Tese Doutoramento

Gravitational Symmetry Breaking, the Higgs and the Cosmos

Giorgio Laverda

Quinta-feira, 23 de Outubro 2025 das 11:00 às 13:00
Sala 02.1 do Centro de Congressos (Piso -2 do Pavilhão de Civil) do IST

A non-minimal interaction between scalar fields and the spacetime curvature is a natural and expected occurrence at the high energies characterising the early Universe. For a spectator field, the time-dependence of the Ricci scalar provides a cosmic clock capable of triggering an out-ofequilibrium phase transition as the Universe evolves from inflation to kination. In the present thesis, we explore the cosmological consequences of the so-called Hubble-induced phase transition and its possible observable signatures.

We first discuss the case of a prototypical scalar field non-minimally coupled to curvature during a phase of kination following inflation.
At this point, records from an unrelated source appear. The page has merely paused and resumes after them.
(* With k >= 3 columns left at the end, every one of the first j steps still
   allows horizontal tiles. *)
Lemma count_tilings_walks k j : 3 <= k ->
  count_tilings (k + j) [::] = \sum_(i < nP) nwalks j i * count_tilings k (profile i).
Proof.
elim: j k => [|j IH] k k3.
  rewrite addn0 (bigD1 (Ordinal nP_gt0)) // nwalks0 profile0 mul1n big1 => [|i].
    exact/esym/addn0.
  by rewrite nwalks0 -val_eqE /= => /negbTE->.
rewrite -addSnnS IH 1?ltnW //.
under eq_bigr => i _ do rewrite count_tilingsS ltnS k3 next_profile // -map_comp
  (sumn_map_count_mem _ (succ_lt (ltn_ord i))) big_distrr.
rewrite exchange_big; apply: eq_bigr => y _ /=.
by rewrite nwalksS big_distrl; apply: eq_bigr => i _ /=; rewrite mulnCA mulnA.
Qed.

Lemma walks_rec : let: (w16, w12, w8, w4, w0) := (walks 16, walks 12, walks 8, walks 4, walks 0) in
  all (fun i => nth 0 w16 i + 6 * nth 0 w8 i + nth 0 w0 i == 7 * nth 0 w12 i + 4 * nth 0 w4 i)
    (iota 0 nP).
Proof. by vm_compute. Qed.

Lemma nwalks_rec i : i < nP ->
  nwalks 16 i + 6 * nwalks 8 i + nwalks 0 i = 7 * nwalks 12 i + 4 * nwalks 4 i.
Proof. by move=> i_lt; apply/eqP/(allP walks_rec); rewrite mem_iota. Qed.

Lemma sum_mul_lincomb m (a b c : nat) (u v w x y f : 'I_m -> nat) :
  (forall i, u i + a * v i + w i = b * x i + c * y i) ->
  \sum_i u i * f i + a * \sum_i v i * f i + \sum_i w i * f i =
  b * \sum_i x i * f i + c * \sum_i y i * f i.
Proof.
move=> uvwxy; rewrite !big_distrr -!big_split; apply: eq_bigr => i _ /=.
by rewrite !mulnA -!mulnDl uvwxy mulnDl.
Qed.

Lemma count_tilings_rec k : 3 <= k ->
  count_tilings (k + 16) [::] + 6 * count_tilings (k + 8) [::] + count_tilings k [::] =
  7 * count_tilings (k + 12) [::] + 4 * count_tilings (k + 4) [::].
Proof.
move=> k3; have := count_tilings_walks 0 k3; rewrite addn0 => ->.
rewrite (count_tilings_walks 16 k3) (count_tilings_walks 8 k3).
rewrite (count_tilings_walks 12 k3) (count_tilings_walks 4 k3).
by apply: sum_mul_lincomb => i; apply: nwalks_rec.
Qed.

Definition T14_6_count N := if 3 %| N then count_tilings (N %/ 3).*2 [::] else 0.

Lemma T14_6E N : T14_6 N = T14_6_count N.
Proof.
rewrite /T14_6 /T14_6_count -mul2n Gauss_dvdr //; case: ifP => // N3.
have -> : 2 * N %/ 3 = (N %/ 3).*2 by rewrite -muln_divA // mul2n.
by rewrite ntilings_count //; lia.
Qed.

Lemma T14_6_count_rec N : 30 <= N ->
  T14_6_count N + 6 * T14_6_count (N - 12) + T14_6_count (N - 24) =
  7 * T14_6_count (N - 6) + 4 * T14_6_count (N - 18).
Proof.
move=> N30; rewrite /T14_6_count.
have dvd3_sub k : k <= N -> 3 %| k -> (3 %| N - k) = (3 %| N).
  by move=> kN k3; apply/idP/idP; lia.
rewrite !dvd3_sub //; [|lia..].
case: ifP => // N3.
set k := (N %/ 3).*2 - 16.
have -> : (N %/ 3).*2 = k + 16 by lia.
have -> : ((N - 6) %/ 3).*2 = k + 12 by lia.
have -> : ((N - 12) %/ 3).*2 = k + 8 by lia.
have -> : ((N - 18) %/ 3).*2 = k + 4 by lia.
have -> : ((N - 24) %/ 3).*2 = k by lia.
by apply: count_tilings_rec; lia.
Qed.

Local Open Scope ring_scope.

Definition lag (t : nat -> int) (N k : nat) : int := if (k <= N)%N then t (N - k)%N else 0.

Definition denom_conv (t : nat -> int) (N : nat) : int :=
  lag t N 0 - 7 * lag t N 6 + 6 * lag t N 12 - 4 * lag t N 18 + lag t N 24.

Definition numer_coef (i : nat) : int :=
  (i == 0%N)%:R - (i == 6%N)%:R *+ 3 + (i == 12%N)%:R *+ 3 - (i == 18%N)%:R.

Lemma coef_denom i : denom`_i =
  (i == 0%N)%:R - 7 * (i == 6%N)%:R + 6 * (i == 12%N)%:R - 4 * (i == 18%N)%:R + (i == 24%N)%:R.
Proof. by rewrite /denom !coefE. Qed.

Lemma coef_numer i : numer`_i = numer_coef i.
Proof.
have -> : numer = 1 - 'X^6 *+ 3 + 'X^12 *+ 3 - 'X^18.
  have X12 : 'X^12 = ('X^6 : {poly int}) ^+ 2 by rewrite -exprM.
  have X18 : 'X^18 = ('X^6 : {poly int}) ^+ 3 by rewrite -exprM.
  by rewrite /numer X12 X18; move: ('X^6 : {poly int}) => x; ring.
by rewrite !coefE.
Qed.

Lemma sum_delta_lag t N k : \sum_(i < N.+1) (i == k :> nat)%:R * t (N - i)%N = lag t N k.
Proof.
rewrite /lag; case: leqP => [kN|Nk].
  rewrite (bigD1 (Ordinal (kN : (k < N.+1)%N))) //= eqxx mul1r big1 ?addr0 // => i.
  by rewrite -val_eqE /= => /negbTE->; rewrite mul0r.
by rewrite big1 // => i _; rewrite ltn_eqF ?mul0r // (leq_trans (ltn_ord i) Nk).
Qed.

Lemma sum_coef_denom t N : \sum_(i < N.+1) denom`_i * t (N - i)%N = denom_conv t N.
Proof.
have distr (a b c d e x : int) : (a - 7 * b + 6 * c - 4 * d + e) * x =
    a * x - 7 * (b * x) + 6 * (c * x) - 4 * (d * x) + e * x by ring.
under eq_bigr do rewrite coef_denom distr.
by rewrite !big_split /= !sumrN -!mulr_sumr !sum_delta_lag.
Qed.

Lemma denom_conv_T14_6_small :
  all (fun N => denom_conv (fun M => (T14_6_count M)%:Z) N == numer_coef N) (iota 0 30).
Proof. by vm_compute. Qed.

Theorem mainTheorem5 :
  forall N : nat,
    \sum_(i < N.+1) denom`_i * ((T14_6 (N - i)%N)%:Z) = numer`_N.
Proof.
move=> N; under eq_bigr do rewrite T14_6E.
rewrite (sum_coef_denom (fun M => (T14_6_count M)%:Z)) coef_numer.
have [N_small|N_large] := ltnP N 30.
  by apply/eqP/(allP denom_conv_T14_6_small); rewrite mem_iota.
rewrite /denom_conv /lag /numer_coef !ifT ?(leq_trans _ N_large) //.
rewrite !gtn_eqF ?(leq_trans _ N_large) //= subn0.
have := T14_6_count_rec N_large; lia.
Qed.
Its exponentially-amplified fluctuations lead to copious particle production while also generating a stochastic gravitational-wave background peaked at high frequencies. We perform hundreds of fully-fledged numerical lattice simulations in 3+1 dimensions to obtain a detailed understanding of the non-linear and nonperturbative aspects of the system.

From the numerical data, we compute a set of parametric formulas that encode several key quantities related to the heating stage and the gravitational-wave spectrum, such as typical energy-densities, timescales, heating temperatures, amplitudes and shape of the gravitational-wave spectrum. Second, we examine the case of the non-minimally-coupled Higgs field undergoing a Hubble-induced phase transition.

The negative running of the Higgs selfcoupling leads to the famous vacuum stability problem, which can be avoided by setting a constraint on low-scale particle-physics measurements of the top quark pole mass as well as high-energy cosmological parameters. If stability is assured, the Higgs can undergo a violent process of nonperturbative particle production which heats the post-inflationary Universe into a Standard-Model plasma before big bang nucleosynthesis. A characteristic gravitational-wave signal is associated to the phase transition, which offers a new window into the high-scale behaviour of the Higgs effective potential, including possible new-physics effects.